Deuxième matin, pas du tout le même qu’hier. En même temps on s’ennuierai si les jours se ressemblaient trop 😉 J’ai très peu dormi, petite dernière a tété très souvent. Les deux grands traînent un peu des pieds. Pas de souci, je peux comprendre, l’excitation du 1er jour est passée et va faire place à la fatigue. Je vous passe les détails, 7h45 les 3 sont à leurs places respectives et moi dans les bouchons. 10h25, la crèche m’appelle déjà : biberon refusé et bébénou pleure.

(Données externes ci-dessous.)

Lemma g_decomp_labelled d k u w : k <= n -> labelled_tuple d u ->
  (forall j, k <= j -> tnth u j = tree0 S) ->
  (w, d) \in G u <-> (w, d) \in G0 \/
    exists i x y, [/\ fresh a i x, (y, d) \in val (tnth u i) & w = x ++ y].
Proof.
elim: k u => [|k IH] u kn ud u_high.
  have -> : u = tuple0 by apply: eq_from_tnth => j; rewrite tnth_tuple0 u_high.
  split=> [|[// | [i [x [y [_ + _]]]]]]; first by left.
  by rewrite tnth_tuple0 in_fset0.
set i := Ordinal kn; set u0 := upd u i (tree0 S).
have u0_high j : k <= j -> tnth u0 j = tree0 S.
  rewrite tnth_upd leq_eqVlt => /orP[/eqP kj | /u_high ->]; last by case: eqP.
  by rewrite (_ : j = i) ?eqxx //; apply: val_inj.
have peel := g_peel i w ud (other_neq d).
have IH0 := IH u0 (ltnW kn) (upd0_labelled ud) u0_high.
have peel_tuple : (exists j x y, [/\ fresh a j x, (y, d) \in val (tnth u j) & w = x ++ y]) <->
    (exists j x y, [/\ fresh a j x, (y, d) \in val (tnth u0 j) & w = x ++ y]) \/
    (exists x y, [/\ fresh (other d) i x, (y, d) \in val (tnth u i) & w = x ++ y]).
  split=> [[j [x [y [fx yu ew]]]] | [[j [x [y [fx + ew]]]] | [x [y [fx yu ew]]]]].
  - case: (j =P i) => [eji | /eqP nji].
      by right; exists x, y; rewrite -eji; split=> //; apply: fresh_relabel fx.
    by left; exists j, x, y; rewrite tnth_upd (negbTE nji).
  - rewrite tnth_upd; case: eqP => [_ | _ yu]; first by rewrite in_fset0.
    by exists j, x, y.
  - by exists i, x, y; split=> //; apply: fresh_relabel fx.
tauto.
Qed.

Lemma g_decomp ts d w : (w, d) \in G ts <-> (w, d) \in G0 \/
  exists i x y, [/\ fresh a i x, (y, d) \in val (tnth ts i) & w = x ++ y].
Proof.
pose rts := [tuple tree_of (subst (restrict d) (val (tnth ts j))) | j < n].
have val_rts j : val (tnth rts j) = subst (restrict d) (val (tnth ts j)).
  by rewrite tnth_mktuple val_tree_of //; apply: subst_tree (valP _) (@restrict_tree _ d).
have rts_d : labelled_tuple d rts.
  by move=> j x; rewrite val_rts in_subst_restrict => /andP[_ /eqP].
have in_rts j y : ((y, d) \in val (tnth rts j)) = ((y, d) \in val (tnth ts j)).
  by rewrite val_rts in_subst_restrict eqxx andbT.
have rts_high j : n <= j -> tnth rts j = tree0 S by rewrite leqNgt ltn_ord.
have -> : ((w, d) \in G ts) = ((w, d) \in G rts).
  by apply: g_leaves_eq => j; rewrite val_rts subst_restrictK.
have dec := g_decomp_labelled w (leqnn n) rts_d rts_high; split.
  case/dec => [? | [j [x [y [fx yr ew]]]]]; [by left | right].
  by exists j, x, y; rewrite -in_rts.
case=> [? | [j [x [y [fx yts ew]]]]]; apply/dec; [by left | right].
by exists j, x, y; rewrite in_rts.
Qed.

Definition fresh_words i : {fset seq bool} :=
  [fset x.1 | x in G (unit_at i a) & (x.2 == a) && (x \notin G0)].

Lemma in_fresh_words i x : x \in fresh_words i <-> fresh a i x.
Proof.
split=> [/imfsetP [[y e] /andP[ye /andP[/eqP /= ea yG0]] ->] | [xa xG0]].
  by subst e.
by apply/imfsetP; exists (x, a); rewrite // inE xa eqxx xG0.
Qed.

Definition poly_g : {fset word (S + 'I_n)%type} :=
  [fset (x.1, inl x.2) | x in G0] `|`
  \bigcup_(i <- enum 'I_n) [fset (x, inr i) | x in fresh_words i].

Lemma in_poly_g_const x c : ((x, inl c) \in poly_g) = ((x, c) \in G0).
Proof.
apply/idP/idP => [| xG0].
  rewrite in_fsetU => /orP[/imfsetP [y yG0 [-> ->]] | /bigfcupP [i _ /imfsetP [? _ []]]] //.
  by rewrite -surjective_pairing.
by rewrite in_fsetU; apply/orP; left; apply/imfsetP; exists (x, c).
Qed.

Lemma in_poly_g_var x i : (x, inr i) \in poly_g <-> fresh a i x.
Proof.
split.
  rewrite in_fsetU => /orP[/imfsetP [? _ []] // | /bigfcupP [j _ /imfsetP [y yx [-> ->]]]].
  exact/in_fresh_words.
move/in_fresh_words => xi; rewrite in_fsetU; apply/orP; right; apply/bigfcupP.
by exists i; [rewrite mem_enum | apply/imfsetP; exists x].
Qed.

Lemma fresh_G0_incomparable i x y c :
  fresh a i x -> (y, c) \in G0 -> ~~ prefix y x && ~~ prefix x y.
Proof.
move=> [xa xG0] yG0; have ya := G0_sub (@unit_at_labelled i a) yG0.
apply/andP; split; apply/negP => pre.
  by rewrite -(tree_prefix_eq (valP _) ya xa pre) yG0 in xG0.
by rewrite (tree_prefix_eq (valP _) xa ya pre) yG0 in xG0.
Qed.

(* For [i1 != i2], putting [a] at [i1] and [b] at [i2] makes [x1] and [x2]
   leaves of a single tree, with different labels. *)
Lemma fresh_prefix_eq i1 i2 x1 x2 :
  fresh a i1 x1 -> fresh a i2 x2 -> prefix x1 x2 -> i1 = i2 /\ x1 = x2.
Proof.
move=> f1 f2 pre; case: (i1 =P i2) => [ei | /eqP ni].
  by subst i2; case: (tree_prefix_eq (valP _) (proj1 f1) (proj1 f2) pre).
pose ts := upd (unit_at i1 a) i2 (leaf b).
have x1ts : (x1, a) \in G ts.
  apply/g_decomp; right; exists i1, x1, [::]; rewrite cats0 /ts tnth_upd (negbTE ni).
  by rewrite /unit_at tnth_upd eqxx val_leaf in_sing.
have x2ts : (x2, b) \in G ts.
  apply/g_decomp; right; exists i2, x2, [::]; rewrite cats0 /ts tnth_upd eqxx val_leaf in_sing.
  by split=> //; apply: fresh_relabel f2.
by case: (tree_prefix_eq (valP _) x1ts x2ts pre) => _ eab; move: ab; rewrite eab eqxx.
Qed.
Lemma fid_weight_Nplus1 : fid_weight N N.+1 lam = 0.
Proof. by rewrite /fid_weight subrr mul0r. Qed.

Lemma fid_weight_ge0 k : 0 <= lam -> (k <= N.+1)%N -> 0 <= fid_weight N k lam.
Proof. by move=> lam_ge0 le_kN; rewrite mulr_ge0 ?exprn_ge0 // subr_ge0 ler_nat. Qed.

Lemma kstar_lhs_step k :
  lam * (kstar_lhs N k lam - kstar_lhs N k.+1 lam) =
  (1 - lam) * lam ^+ k * (N%:R * lam + k%:R * (1 - lam)).
Proof. by rewrite /kstar_lhs; case: k => [|k] /=; rewrite ?expr0 ?expr1 ?exprS; ring. Qed.

Hypotheses (lam_gt0 : 0 < lam) (lam_lt1 : lam < 1).

Lemma kstar_lhs_antimono j k : (j <= k)%N -> kstar_lhs N k lam <= kstar_lhs N j lam.
Proof.
have step i : kstar_lhs N i.+1 lam <= kstar_lhs N i lam.
  have [lam_ge0 nu_ge0] : 0 <= lam /\ 0 <= 1 - lam by rewrite subr_ge0 !ltW.
  rewrite -subr_ge0 -(pmulr_rge0 _ lam_gt0) kstar_lhs_step.
  by rewrite mulr_ge0 ?mulr_ge0 ?exprn_ge0 // addr_ge0 ?mulr_ge0 ?ler0n.
exact: (nonincnP step k j).
Qed.

End KstarLhs.

Section SupportLine.
Variables (R : realType) (N k : nat) (lam : R).
Hypotheses (N_gt0 : (0 < N)%N) (lam_gt0 : 0 < lam) (lam_lt1 : lam < 1).
Local Notation gap j := (fid_weight N j lam - zeta_slope N k lam * kstar_lhs N j lam).

Let nu_gt0 : 0 < 1 - lam. Proof. by rewrite subr_gt0. Qed.

Let inner_gt0 : 0 < k%:R * (1 - lam) + N%:R * lam.
Proof. by rewrite ltr_wpDl ?mulr_ge0 ?ler0n ?ltW ?mulr_gt0 ?ltr0n. Qed.

Lemma zeta_kE delta : zeta_k N delta lam k = zeta_icept N k lam + zeta_slope N k lam * delta.
Proof. by rewrite /zeta_k /zeta_icept /zeta_slope exprS /=; field; rewrite !gt_eqF. Qed.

Le stress monte et je file direct. Oulala, le reste de la journée va être long. Cette fois, j’ai passé plus de temps à allaiter et donc ai moins de temps pour déjeuner et 0 temps pour préparer le dîner. En effet, les jours se suivent et ne se ressemblent pas 😉 Bilan au coucher, je suis un peu plus fatiguée qu’hier et m’inquiète du reste de la semaine.

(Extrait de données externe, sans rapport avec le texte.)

Lemma ln_le_affine (N r th q : R) : 1 <= r <= N -> th <= 1 -> 0 < q ->
  q <= 1 + th * (r - 1) -> ln q <= (1 - (1 - th) / N) * ln r.
Proof.
move=> /andP[r1 rN] th1 q0 qr.
have r0 : 0 < r by lra.
have N0 : 0 < N by lra.
have -> : ln q = ln (q / r) + ln r by rewrite ln_div ?posrE // subrK.
have lnqr : ln (q / r) <= q / r - 1 by apply: ln_le_subr1; rewrite divr_gt0.
have qr' : q / r - 1 <= - ((1 - th) * (r - 1) / r).
  have -> : - ((1 - th) * (r - 1) / r) = (1 + th * (r - 1)) / r - 1 by field; lra.
  by rewrite lerD2r ler_pM2r ?invr_gt0.
have rN' : (1 - th) * (r - 1) / N <= (1 - th) * (r - 1) / r.
  by apply: ler_wpM2l; [nra | rewrite lef_pV2 ?posrE].
have lnr : (1 - th) * ln r / N <= (1 - th) * (r - 1) / N.
  by apply/ler_wpM2r/ler_wpM2l; rewrite ?invr_ge0 ?subr_ge0 ?ln_le_subr1 // ltW.
have -> : (1 - (1 - th) / N) * ln r = ln r - (1 - th) * ln r / N by field; lra.
lra.
Qed.

Lemma inf_sup_ratio_bounded (T : Type) (S : set T) (u : T -> R) (K : R) :
  S !=set0 -> (forall x, S x -> 0 < u x) ->
  (forall x y, S x -> S y -> u x <= K * u y) ->
  [/\ 0 < inf (u @` S), forall x, S x -> inf (u @` S) <= u x <= sup (u @` S)
    & sup (u @` S) <= K * inf (u @` S)].
Proof.
move=> [x0 Sx0] u0 uK.
have K0 : 0 < K by have := uK _ _ Sx0 Sx0; have := u0 _ Sx0; nra.
have Sne : u @` S !=set0 by exists (u x0), x0.
have ub : has_ubound (u @` S) by exists (K * u x0) => _ [x Sx <-]; exact: uK.
have lb : has_lbound (u @` S) by exists 0 => _ [x Sx <-]; exact/ltW/u0.
have inf_u x : S x -> inf (u @` S) <= u x by move=> Sx; apply: ge_inf => //; exists x.
have u_sup x : S x -> u x <= sup (u @` S) by move=> Sx; apply: ub_le_sup => //; exists x.
have supK : sup (u @` S) <= K * inf (u @` S).
  rewrite -ler_pdivrMl //; apply: lb_le_inf => // _ [y Sy <-].
  by rewrite ler_pdivrMl //; apply: ge_sup => // _ [x Sx <-]; exact: uK.
split=> // [|x Sx]; last by rewrite inf_u ?u_sup.
have := u_sup _ Sx0; have := u0 _ Sx0; nra.
Qed.
End LogAndBounds.

Section ContSigma.
Variables (R : realType) (k : nat) (A : 'M[bool]_k).
Implicit Types (f g h : (nat -> 'I_k) -> R) (x y : nat -> 'I_k).
(* Let $V$ be a topological real vector space and $C$ a cone in $V$. Assume $X_1,\dots,X_m,Y_1,\dots,Y_n$ are nonempty $C$-antichain-convex subsets of $V$, and put $X=X_1+\dots+X_m$ and $Y=Y_1+\dots+Y_n$. Suppose $\operatorname{int}(X)\neq\emptyset$ and $\operatorname{int}(X)\cap Y=\emptyset$. (1) If $X_1$ is $C$-upward, then $X$ and $Y$ are separated. (2) If $X_1$ is $C$-downward, then $X$ and $Y$ are separated.
   Context: A cone in $V$ is a subset $C$ with $\lambda C\subseteq C$ for all $\lambda>0$ (possibly empty, need not contain $0$). $S\subseteq V$ is $C$-antichain-convex iff for all $x,y\in S$ and $\lambda\in[0,1]$ with $y-x\notin C\cup(-C)$ one has $\lambda x+(1-\lambda)y\in S$. $S$ is $C$-upward iff $S+C\subseteq S$; $C$-downward iff $S-C\subseteq S$. Sums are Minkowski sums. $V^*$ is the space of continuous linear functionals on $V$. $X$ and $Y$ are separated iff there is $f\in V^*\setminus\{0\}$ with $\sup f[X]\le\inf f[Y]$. *)

From HB Require Import structures.
From mathcomp Require Import all_boot all_order all_algebra.
From mathcomp Require Import all_classical all_reals all_analysis.
Set Implicit Arguments. Unset Strict Implicit. Unset Printing Implicit Defensive.
Import Order.TTheory GRing.Theory Num.Theory.
Local Open Scope classical_set_scope.
Local Open Scope ring_scope.

(* A cone: lambda C `<=` C for all lambda > 0 (possibly empty, need not contain 0). *)
Definition is_cone (R : realType) (V : lmodType R) (C : set V) : Prop :=
  forall (l : R) (c : V), 0 < l -> C c -> C (l *: c).

Definition antichain_convex (R : realType) (V : lmodType R) (C S : set V) : Prop :=
  forall (x y : V) (l : R), S x -> S y -> 0 <= l <= 1 ->
    ~ (C (y - x) \/ [set - c | c in C] (y - x)) ->
    S (l *: x + (1 - l) *: y).

Definition upward (R : realType) (V : lmodType R) (C S : set V) : Prop :=
  [set s + c | s in S & c in C] `<=` S.

Definition downward (R : realType) (V : lmodType R) (C S : set V) : Prop :=
  [set s - c | s in S & c in C] `<=` S.

Definition minksum2 (R : realType) (V : lmodType R) (A B : set V) : set V :=
  [set a + b | a in A & b in B].

(* Minkowski sum X 0 + X 1 + ... + X (k-1)  (empty sum = [set 0]) *)
Fixpoint minksum (R : realType) (V : lmodType R) (X : nat -> set V) (k : nat) : set V :=
  match k with
  | 0%N => [set 0]
  | k'.+1 => minksum2 (minksum X k') (X k')
  end.

Definition lin_separated (R : realType) (V : topologicalLmodType R) (X Y : set V) : Prop :=
  exists f : {linear V -> R^o},
    continuous (f : V -> R^o) /\ (exists v, f v != 0) /\
    (ereal_sup [set (f x)%:E | x in X] <= ereal_inf [set (f y)%:E | y in Y])%E.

Troisième jour, mercredi. Journée plus courte à l’école pour les loulous mais plus chargée pour mon chéri. Il va devoir gérer les 3 de 11h30 à mon retour (entre 18h30-18h45). Je me fais un peu de souci pour lui. Par chance, la crèche m’appelle seulement à 11h00 pour l’allaitement. Du coup je m’occupe de petite dernière jusqu’à mon retour au bureau pendant que mon homme se charge des deux grands. A mon retour, le soir, l’énervement et la fatigue sont palpables chez tout le monde, moi y compris. Petit deuxième était colérique à cause de sa fatigue, petite dernière réclamait sa tétée depuis plusieurs longues minutes et ma princesse était déçue que son papa n’est pas pu l’observer à son cours de gym à cause des colères de son petit frère. Et moi, fatiguée des allers-retours entre le bureau et la crèche pour l’allaitement et seulement quelques minutes pour gober mon déjeuner avant de devoir retourner travailler. Nous sommes que mercredi, il reste encore deux jours.

Quatrième et cinquième jours. La fatigue se lit sur nos visages à tous. Seul l’idée du week-end nous motive à nous lever et aller jusqu’au bout de nos journées. La gastro s’est invitée chez ma petite dernière qui dormait par conséquent très mal. La fin de semaine fut épuisante pour nous tous.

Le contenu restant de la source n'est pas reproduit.